#### Records for the task

Lemma isqrt_coef_even_lower k : / INR (k + 1) <= isqrt_coef (2 * k).
Proof.
  induction k as [|k IH]; [simpl; lra|].
  replace (2 * S k)%nat with (S (S (2 * k))) by lia.
  change (isqrt_coef (S (S (2 * k))))
    with (isqrt_coef (2 * k) * INR (S (2 * k)) / INR (S (S (2 * k)))).
  replace (INR (S (2 * k))) with (2 * INR k + 1) by (rewrite S_INR, mult_INR; simpl; ring).
  replace (INR (S (S (2 * k)))) with (2 * INR k + 2) by (rewrite !S_INR, mult_INR; simpl; ring).
  replace (INR (S k + 1)) with (INR k + 2) by (rewrite plus_INR, S_INR; simpl; ring).
  replace (INR (k + 1)) with (INR k + 1) in IH by (rewrite plus_INR; simpl; ring).
  pose proof (pos_INR k).
  apply Rle_trans with (/ (INR k + 1) * (2 * INR k + 1) / (2 * INR k + 2)).
  - apply (Rmult_le_reg_r ((INR k + 2) * (INR k + 1) * (2 * INR k + 2))); [nra|].
    field_simplify; lra.
  - unfold Rdiv. apply Rmult_le_compat_r; [left; apply Rinv_0_lt_compat; lra|].
    apply Rmult_le_compat_r; lra.
Qed.

Lemma asin_coef_odd_constant k :
  let c := / (2 * PI) * asin_coef (S (2 * k)) in
  0 < c /\ 1 <= 9 * INR (2 * S k) * INR (2 * S k) * c.
Proof.
  intros c. unfold c, asin_coef.
  pose proof (isqrt_coef_even_lower k) as Hb. pose proof (pos_INR k).
  pose proof PI_4. pose proof PI_RGT_0.
  replace (INR (2 * S k)) with (2 * INR k + 2) by (rewrite mult_INR, (S_INR k); simpl; ring).
  replace (INR (S (2 * k))) with (2 * INR k + 1) by (rewrite S_INR, mult_INR; simpl; ring).
  replace (INR (k + 1)) with (INR k + 1) in Hb by (rewrite plus_INR; simpl; ring).
  assert (Hlow : / (2 * PI) * (/ (INR k + 1) / (2 * INR k + 1))
                 <= / (2 * PI) * (isqrt_coef (2 * k) / (2 * INR k + 1))).
  { apply Rmult_le_compat_l; [left; apply Rinv_0_lt_compat; lra|].
    apply Rmult_le_compat_r; [left; apply Rinv_0_lt_compat; lra | exact Hb]. }
  replace (/ (2 * PI) * (/ (INR k + 1) / (2 * INR k + 1)))
    with (/ (2 * PI * (INR k + 1) * (2 * INR k + 1))) in Hlow by (field; lra).
  assert (HD : 0 < 2 * PI * (INR k + 1) * (2 * INR k + 1)) by (apply Rmult_lt_0_compat; nra).
  pose proof (Rinv_0_lt_compat _ HD).
  split; [lra|].
  apply Rle_trans with (9 * (2 * INR k + 2) * (2 * INR k + 2) * / (2 * PI * (INR k + 1) * (2 * INR k + 1))).
  - apply (Rmult_le_reg_r _ _ _ HD).
    replace (9 * (2 * INR k + 2) * (2 * INR k + 2) * / (2 * PI * (INR k + 1) * (2 * INR k + 1))
             * (2 * PI * (INR k + 1) * (2 * INR k + 1)))
      with (9 * (2 * INR k + 2) * (2 * INR k + 2)) by (field; lra).
    nra.
  - apply Rmult_le_compat_l; nra.
Qed.

(* r_N = cos(1/(N+1)) increases to 1 and asin r_N = PI/2 - 1/(N+1). *)
Definition radial (N : nat) : R := cos (/ INR (N + 1)).

Lemma inv_succ_bounds N : 0 < / INR (N + 1) <= 1.
Proof.
  assert (1 <= INR (N + 1)) by (replace 1 with (INR 1) by reflexivity; apply le_INR; lia).
  split; [apply Rinv_0_lt_compat; lra|].
  rewrite <- Rinv_1. apply Rinv_le_contravar; lra.
Qed.

Lemma inv_succ_lim : is_lim_seq (fun N => / INR (N + 1)) 0.
Proof.
  apply (is_lim_seq_incr_n (fun n => / INR n) 1 0).
  exact (is_lim_seq_inv INR p_infty is_lim_seq_INR ltac:(discriminate)).
Qed.

Lemma radial_bounds N : 0 < radial N < 1.
Proof.
  unfold radial. pose proof (inv_succ_bounds N). pose proof PI2_1. split.
  - apply cos_gt_0; lra.
  - rewrite <- cos_0. apply cos_decreasing_1; lra.
Qed.

Lemma radial_lim : is_lim_seq radial 1.
Proof.
  unfold radial. rewrite <- cos_0.
  apply is_lim_seq_continuous; [apply continuity_cos | apply inv_succ_lim].
Qed.

Lemma asin_radial N : asin (radial N) = PI / 2 - / INR (N + 1).
Proof.
  unfold radial. rewrite <- sin_shift. apply asin_sin.
  pose proof (inv_succ_bounds N). pose proof PI2_1. lra.
Qed.

Lemma asin_radial_lim_one : is_lim_seq (fun N => asin (radial N)) (PI / 2).
Proof.
  apply (is_lim_seq_ext (fun N => PI / 2 - / INR (N + 1))).
  { intro N. symmetry. apply asin_radial. }
  pose proof (is_lim_seq_minus' _ _ _ _ (is_lim_seq_const (PI / 2)) inv_succ_lim) as H.
  rewrite Rminus_0_r in H. exact H.
Qed.

(* asin(r_N t) -> asin t on the closed interval: by continuity inside, and by
   the explicit value of asin r_N at the endpoints. *)
Lemma asin_radial_lim t : -1 <= t <= 1 ->
  is_lim_seq (fun N => asin (radial N * t)) (asin t).
Proof.
  intros Ht.
  destruct (Req_dec t 1) as [->|H1].
  - rewrite asin_1. eapply is_lim_seq_ext; [|exact asin_radial_lim_one].
    intro N. rewrite Rmult_1_r. reflexivity.
  - destruct (Req_dec t (-1)) as [->|H2].
    + replace (-1) with (- (1)) by ring. rewrite asin_opp, asin_1.
      eapply is_lim_seq_ext; [|exact (proj1 (is_lim_seq_opp _ _) asin_radial_lim_one)].
      intro N. replace (radial N * - (1)) with (- radial N) by ring. rewrite asin_opp. reflexivity.
    + apply is_lim_seq_continuous.
      * apply derivable_continuous_pt, derivable_pt_asin. lra.
      * pose proof (is_lim_seq_mult' _ _ _ _ radial_lim (is_lim_seq_const t)) as H.
        rewrite Rmult_1_l in H. exact H.
Qed.

Section ArcsineGramForm.

Variables (d n : nat) (z : nat -> nat -> R) (v : nat -> R).

Hypothesis cos_bound :
  forall i j, (i < n)%nat -> (j < n)%nat -> -1 <= dot d (z i) (z j) <= 1.

Definition kernel_form (f : R -> R) : R :=
  rsum n (fun i => rsum n (fun j =>
    v i * v j * (dot d (z i) (z j) * f (dot d (z i) (z j))))).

########

Each of the lines from the one holding "- destruct (Req_dec t (-1)) as [->|H2]." through the final line of the entries is to be set down exactly, and no others.

  - destruct (Req_dec t (-1)) as [->|H2].
    + replace (-1) with (- (1)) by ring. rewrite asin_opp, asin_1.
      eapply is_lim_seq_ext; [|exact (proj1 (is_lim_seq_opp _ _) asin_radial_lim_one)].
      intro N. replace (radial N * - (1)) with (- radial N) by ring. rewrite asin_opp. reflexivity.
    + apply is_lim_seq_continuous.
      * apply derivable_continuous_pt, derivable_pt_asin. lra.
      * pose proof (is_lim_seq_mult' _ _ _ _ radial_lim (is_lim_seq_const t)) as H.
        rewrite Rmult_1_l in H. exact H.
Qed.

Section ArcsineGramForm.

Variables (d n : nat) (z : nat -> nat -> R) (v : nat -> R).

Hypothesis cos_bound :
  forall i j, (i < n)%nat -> (j < n)%nat -> -1 <= dot d (z i) (z j) <= 1.

Definition kernel_form (f : R -> R) : R :=
  rsum n (fun i => rsum n (fun j =>
    v i * v j * (dot d (z i) (z j) * f (dot d (z i) (z j))))).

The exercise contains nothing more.